Records ->
--- START ---

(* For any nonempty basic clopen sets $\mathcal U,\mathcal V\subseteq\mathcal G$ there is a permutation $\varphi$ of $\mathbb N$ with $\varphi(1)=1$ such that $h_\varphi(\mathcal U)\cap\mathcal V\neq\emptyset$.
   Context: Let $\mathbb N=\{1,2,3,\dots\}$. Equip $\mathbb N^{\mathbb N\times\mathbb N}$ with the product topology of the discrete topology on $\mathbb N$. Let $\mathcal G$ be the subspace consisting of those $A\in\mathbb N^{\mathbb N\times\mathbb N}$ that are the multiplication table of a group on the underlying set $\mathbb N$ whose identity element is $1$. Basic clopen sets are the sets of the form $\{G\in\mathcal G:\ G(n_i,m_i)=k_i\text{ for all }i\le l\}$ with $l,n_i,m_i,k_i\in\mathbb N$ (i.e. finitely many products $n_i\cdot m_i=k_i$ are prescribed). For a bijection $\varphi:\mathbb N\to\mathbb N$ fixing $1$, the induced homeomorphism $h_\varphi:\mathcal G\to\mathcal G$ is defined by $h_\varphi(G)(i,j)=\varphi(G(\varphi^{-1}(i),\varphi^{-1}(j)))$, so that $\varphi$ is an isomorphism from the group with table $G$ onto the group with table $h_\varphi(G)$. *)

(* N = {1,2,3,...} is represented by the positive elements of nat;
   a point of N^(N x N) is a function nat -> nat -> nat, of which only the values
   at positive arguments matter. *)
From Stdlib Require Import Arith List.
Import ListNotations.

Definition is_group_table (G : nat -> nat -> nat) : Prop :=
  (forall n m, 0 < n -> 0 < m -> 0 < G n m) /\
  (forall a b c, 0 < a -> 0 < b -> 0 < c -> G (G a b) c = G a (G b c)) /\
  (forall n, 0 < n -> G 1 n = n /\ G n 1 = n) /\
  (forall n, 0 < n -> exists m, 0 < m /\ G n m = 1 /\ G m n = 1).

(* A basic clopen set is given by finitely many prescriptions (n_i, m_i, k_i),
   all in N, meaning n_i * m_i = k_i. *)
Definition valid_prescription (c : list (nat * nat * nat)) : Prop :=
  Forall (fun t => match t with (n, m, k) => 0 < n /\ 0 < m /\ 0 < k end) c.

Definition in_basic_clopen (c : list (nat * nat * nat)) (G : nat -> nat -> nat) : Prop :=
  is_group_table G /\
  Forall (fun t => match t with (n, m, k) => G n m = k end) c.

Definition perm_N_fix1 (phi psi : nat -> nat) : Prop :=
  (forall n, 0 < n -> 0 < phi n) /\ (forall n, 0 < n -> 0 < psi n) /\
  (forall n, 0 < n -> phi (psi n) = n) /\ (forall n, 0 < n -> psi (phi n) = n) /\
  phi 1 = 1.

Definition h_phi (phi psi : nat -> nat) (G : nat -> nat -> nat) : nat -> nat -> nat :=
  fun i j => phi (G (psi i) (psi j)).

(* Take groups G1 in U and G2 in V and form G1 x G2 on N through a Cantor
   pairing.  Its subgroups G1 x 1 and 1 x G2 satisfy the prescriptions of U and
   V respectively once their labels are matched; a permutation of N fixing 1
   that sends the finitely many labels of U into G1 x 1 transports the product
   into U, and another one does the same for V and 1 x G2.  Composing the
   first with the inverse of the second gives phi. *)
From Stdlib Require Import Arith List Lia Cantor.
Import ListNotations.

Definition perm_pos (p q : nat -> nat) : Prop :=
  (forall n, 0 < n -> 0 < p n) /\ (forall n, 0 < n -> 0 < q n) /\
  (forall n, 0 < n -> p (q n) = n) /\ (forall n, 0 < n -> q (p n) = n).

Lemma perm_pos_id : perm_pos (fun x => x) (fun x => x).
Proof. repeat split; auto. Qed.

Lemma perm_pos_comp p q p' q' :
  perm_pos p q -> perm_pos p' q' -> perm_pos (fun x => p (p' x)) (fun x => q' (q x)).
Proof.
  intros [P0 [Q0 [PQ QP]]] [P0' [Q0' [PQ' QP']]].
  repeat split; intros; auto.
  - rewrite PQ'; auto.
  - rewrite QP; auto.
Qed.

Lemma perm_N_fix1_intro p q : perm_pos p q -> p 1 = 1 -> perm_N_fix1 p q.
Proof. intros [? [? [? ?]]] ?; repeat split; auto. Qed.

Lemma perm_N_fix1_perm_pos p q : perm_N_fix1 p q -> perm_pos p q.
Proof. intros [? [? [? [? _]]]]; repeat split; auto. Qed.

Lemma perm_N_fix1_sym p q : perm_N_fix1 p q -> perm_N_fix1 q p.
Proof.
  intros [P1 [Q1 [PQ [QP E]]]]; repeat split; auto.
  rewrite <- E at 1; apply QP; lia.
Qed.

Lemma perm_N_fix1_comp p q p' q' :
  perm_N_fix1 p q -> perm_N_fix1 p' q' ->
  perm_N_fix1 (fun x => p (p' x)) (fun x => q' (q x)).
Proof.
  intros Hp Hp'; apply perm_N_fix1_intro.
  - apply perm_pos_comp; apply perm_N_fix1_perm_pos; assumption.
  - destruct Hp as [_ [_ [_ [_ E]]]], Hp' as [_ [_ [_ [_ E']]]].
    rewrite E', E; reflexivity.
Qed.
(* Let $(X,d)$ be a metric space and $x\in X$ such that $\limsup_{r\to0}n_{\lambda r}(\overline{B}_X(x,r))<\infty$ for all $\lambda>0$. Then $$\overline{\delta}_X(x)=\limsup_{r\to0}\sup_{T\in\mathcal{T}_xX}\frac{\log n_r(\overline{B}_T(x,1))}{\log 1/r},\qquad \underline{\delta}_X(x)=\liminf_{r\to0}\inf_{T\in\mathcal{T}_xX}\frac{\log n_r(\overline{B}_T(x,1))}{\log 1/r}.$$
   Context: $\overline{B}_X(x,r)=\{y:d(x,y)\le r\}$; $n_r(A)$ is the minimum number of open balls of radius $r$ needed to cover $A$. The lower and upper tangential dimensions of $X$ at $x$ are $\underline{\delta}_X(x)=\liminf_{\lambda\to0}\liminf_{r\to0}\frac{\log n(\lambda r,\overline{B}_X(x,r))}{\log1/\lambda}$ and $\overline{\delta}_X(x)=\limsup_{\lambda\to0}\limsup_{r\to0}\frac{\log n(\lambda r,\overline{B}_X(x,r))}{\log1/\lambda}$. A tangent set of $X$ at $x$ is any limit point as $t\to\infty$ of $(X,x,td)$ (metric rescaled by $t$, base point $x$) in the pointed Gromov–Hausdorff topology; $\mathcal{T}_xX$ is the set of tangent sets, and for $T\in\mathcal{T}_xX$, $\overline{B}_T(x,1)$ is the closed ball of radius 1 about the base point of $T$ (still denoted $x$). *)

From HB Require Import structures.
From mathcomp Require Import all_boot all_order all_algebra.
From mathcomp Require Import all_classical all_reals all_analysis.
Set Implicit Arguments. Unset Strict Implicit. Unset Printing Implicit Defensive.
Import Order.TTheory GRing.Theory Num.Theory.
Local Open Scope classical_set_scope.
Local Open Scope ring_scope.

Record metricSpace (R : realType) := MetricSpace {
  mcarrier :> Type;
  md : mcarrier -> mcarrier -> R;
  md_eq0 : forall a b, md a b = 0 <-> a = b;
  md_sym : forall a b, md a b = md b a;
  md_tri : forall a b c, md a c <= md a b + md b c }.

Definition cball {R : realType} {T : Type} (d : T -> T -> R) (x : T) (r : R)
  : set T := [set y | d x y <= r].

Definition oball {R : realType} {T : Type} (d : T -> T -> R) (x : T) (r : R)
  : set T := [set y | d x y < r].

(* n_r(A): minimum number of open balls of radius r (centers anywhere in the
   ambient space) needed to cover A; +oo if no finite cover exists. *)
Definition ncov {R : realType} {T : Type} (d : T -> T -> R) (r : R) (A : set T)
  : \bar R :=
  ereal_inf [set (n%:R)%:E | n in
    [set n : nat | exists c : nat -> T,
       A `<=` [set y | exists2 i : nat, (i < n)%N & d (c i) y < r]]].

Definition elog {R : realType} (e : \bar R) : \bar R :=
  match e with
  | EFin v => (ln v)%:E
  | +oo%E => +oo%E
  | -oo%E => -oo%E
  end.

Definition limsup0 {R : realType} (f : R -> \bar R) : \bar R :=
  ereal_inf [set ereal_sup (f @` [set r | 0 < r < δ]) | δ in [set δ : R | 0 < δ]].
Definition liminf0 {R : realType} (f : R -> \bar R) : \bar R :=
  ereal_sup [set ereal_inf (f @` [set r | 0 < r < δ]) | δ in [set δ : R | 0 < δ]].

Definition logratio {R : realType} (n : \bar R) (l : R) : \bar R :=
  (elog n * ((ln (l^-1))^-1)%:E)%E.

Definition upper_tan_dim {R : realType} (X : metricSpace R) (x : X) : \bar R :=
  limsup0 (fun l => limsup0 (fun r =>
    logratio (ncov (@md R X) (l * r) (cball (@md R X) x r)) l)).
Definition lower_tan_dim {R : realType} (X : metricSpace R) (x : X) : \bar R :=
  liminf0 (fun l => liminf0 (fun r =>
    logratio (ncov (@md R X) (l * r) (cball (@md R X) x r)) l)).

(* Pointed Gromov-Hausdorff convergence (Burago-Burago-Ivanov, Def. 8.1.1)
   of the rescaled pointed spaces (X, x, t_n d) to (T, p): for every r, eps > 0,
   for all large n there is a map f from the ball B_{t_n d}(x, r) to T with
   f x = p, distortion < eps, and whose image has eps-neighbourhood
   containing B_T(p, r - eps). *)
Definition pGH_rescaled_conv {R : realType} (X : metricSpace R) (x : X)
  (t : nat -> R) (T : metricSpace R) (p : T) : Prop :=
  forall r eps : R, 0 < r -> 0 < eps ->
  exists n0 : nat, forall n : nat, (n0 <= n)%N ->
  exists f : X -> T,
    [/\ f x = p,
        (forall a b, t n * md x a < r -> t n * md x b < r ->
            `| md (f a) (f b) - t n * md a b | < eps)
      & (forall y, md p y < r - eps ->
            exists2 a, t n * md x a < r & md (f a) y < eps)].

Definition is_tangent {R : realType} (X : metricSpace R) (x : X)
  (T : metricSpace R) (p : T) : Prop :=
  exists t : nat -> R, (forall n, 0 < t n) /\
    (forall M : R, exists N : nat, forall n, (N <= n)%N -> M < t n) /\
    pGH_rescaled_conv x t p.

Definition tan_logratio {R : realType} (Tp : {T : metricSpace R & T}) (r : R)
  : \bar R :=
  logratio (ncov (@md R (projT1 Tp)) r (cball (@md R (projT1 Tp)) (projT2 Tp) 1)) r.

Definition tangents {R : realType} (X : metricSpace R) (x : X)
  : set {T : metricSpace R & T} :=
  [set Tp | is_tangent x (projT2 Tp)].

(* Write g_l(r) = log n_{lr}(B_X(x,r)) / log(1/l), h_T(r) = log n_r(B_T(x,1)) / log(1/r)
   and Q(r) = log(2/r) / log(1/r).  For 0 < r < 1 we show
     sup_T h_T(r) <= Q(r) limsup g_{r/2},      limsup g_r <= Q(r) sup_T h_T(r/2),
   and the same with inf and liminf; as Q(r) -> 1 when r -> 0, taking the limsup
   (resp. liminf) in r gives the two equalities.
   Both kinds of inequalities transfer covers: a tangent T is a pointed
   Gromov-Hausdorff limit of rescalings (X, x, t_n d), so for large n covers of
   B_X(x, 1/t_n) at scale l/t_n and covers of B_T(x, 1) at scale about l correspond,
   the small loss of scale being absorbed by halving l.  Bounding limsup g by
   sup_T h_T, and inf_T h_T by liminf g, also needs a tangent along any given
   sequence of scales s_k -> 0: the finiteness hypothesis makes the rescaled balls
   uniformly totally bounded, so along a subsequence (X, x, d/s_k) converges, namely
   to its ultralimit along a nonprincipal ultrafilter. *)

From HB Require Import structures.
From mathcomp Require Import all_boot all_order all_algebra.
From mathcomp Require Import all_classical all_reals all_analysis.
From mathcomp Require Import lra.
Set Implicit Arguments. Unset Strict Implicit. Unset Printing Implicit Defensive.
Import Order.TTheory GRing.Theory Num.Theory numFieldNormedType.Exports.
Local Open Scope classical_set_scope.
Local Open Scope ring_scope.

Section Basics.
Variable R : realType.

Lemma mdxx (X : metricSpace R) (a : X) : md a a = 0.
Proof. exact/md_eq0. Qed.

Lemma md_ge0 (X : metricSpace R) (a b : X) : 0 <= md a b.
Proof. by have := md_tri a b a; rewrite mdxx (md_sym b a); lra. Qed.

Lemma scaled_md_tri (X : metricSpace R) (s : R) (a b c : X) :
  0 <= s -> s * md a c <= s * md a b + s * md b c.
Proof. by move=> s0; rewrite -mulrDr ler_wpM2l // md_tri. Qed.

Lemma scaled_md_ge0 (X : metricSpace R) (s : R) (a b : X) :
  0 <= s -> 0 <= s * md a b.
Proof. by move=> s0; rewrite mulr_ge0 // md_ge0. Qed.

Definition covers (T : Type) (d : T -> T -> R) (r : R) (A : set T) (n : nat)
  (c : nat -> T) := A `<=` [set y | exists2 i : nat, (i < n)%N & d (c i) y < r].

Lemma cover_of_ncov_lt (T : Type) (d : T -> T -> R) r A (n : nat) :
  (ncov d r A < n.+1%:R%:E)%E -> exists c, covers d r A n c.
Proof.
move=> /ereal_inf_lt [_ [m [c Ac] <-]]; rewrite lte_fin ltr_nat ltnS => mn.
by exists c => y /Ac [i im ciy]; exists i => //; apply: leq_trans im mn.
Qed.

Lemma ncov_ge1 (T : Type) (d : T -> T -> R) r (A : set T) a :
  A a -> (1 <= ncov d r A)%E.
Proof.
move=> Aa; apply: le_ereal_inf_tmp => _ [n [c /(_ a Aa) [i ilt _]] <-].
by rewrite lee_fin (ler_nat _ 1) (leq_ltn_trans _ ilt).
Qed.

--- END ---

Your assignment -> Would you please copy exactly the part of the entries above that begins at the line containing "Lemma mdxx (X" and ends at the line containing "(c : nat -> T)", both lines included?

Answer box ->
Lemma mdxx (X : metricSpace R) (a : X) : md a a = 0.
Proof. exact/md_eq0. Qed.

Lemma md_ge0 (X : metricSpace R) (a b : X) : 0 <= md a b.
Proof. by have := md_tri a b a; rewrite mdxx (md_sym b a); lra. Qed.

Lemma scaled_md_tri (X : metricSpace R) (s : R) (a b c : X) :
  0 <= s -> s * md a c <= s * md a b + s * md b c.
Proof. by move=> s0; rewrite -mulrDr ler_wpM2l // md_tri. Qed.

Lemma scaled_md_ge0 (X : metricSpace R) (s : R) (a b : X) :
  0 <= s -> 0 <= s * md a b.
Proof. by move=> s0; rewrite mulr_ge0 // md_ge0. Qed.

Definition covers (T : Type) (d : T -> T -> R) (r : R) (A : set T) (n : nat)
  (c : nat -> T) := A `<=` [set y | exists2 i : nat, (i < n)%N & d (c i) y < r].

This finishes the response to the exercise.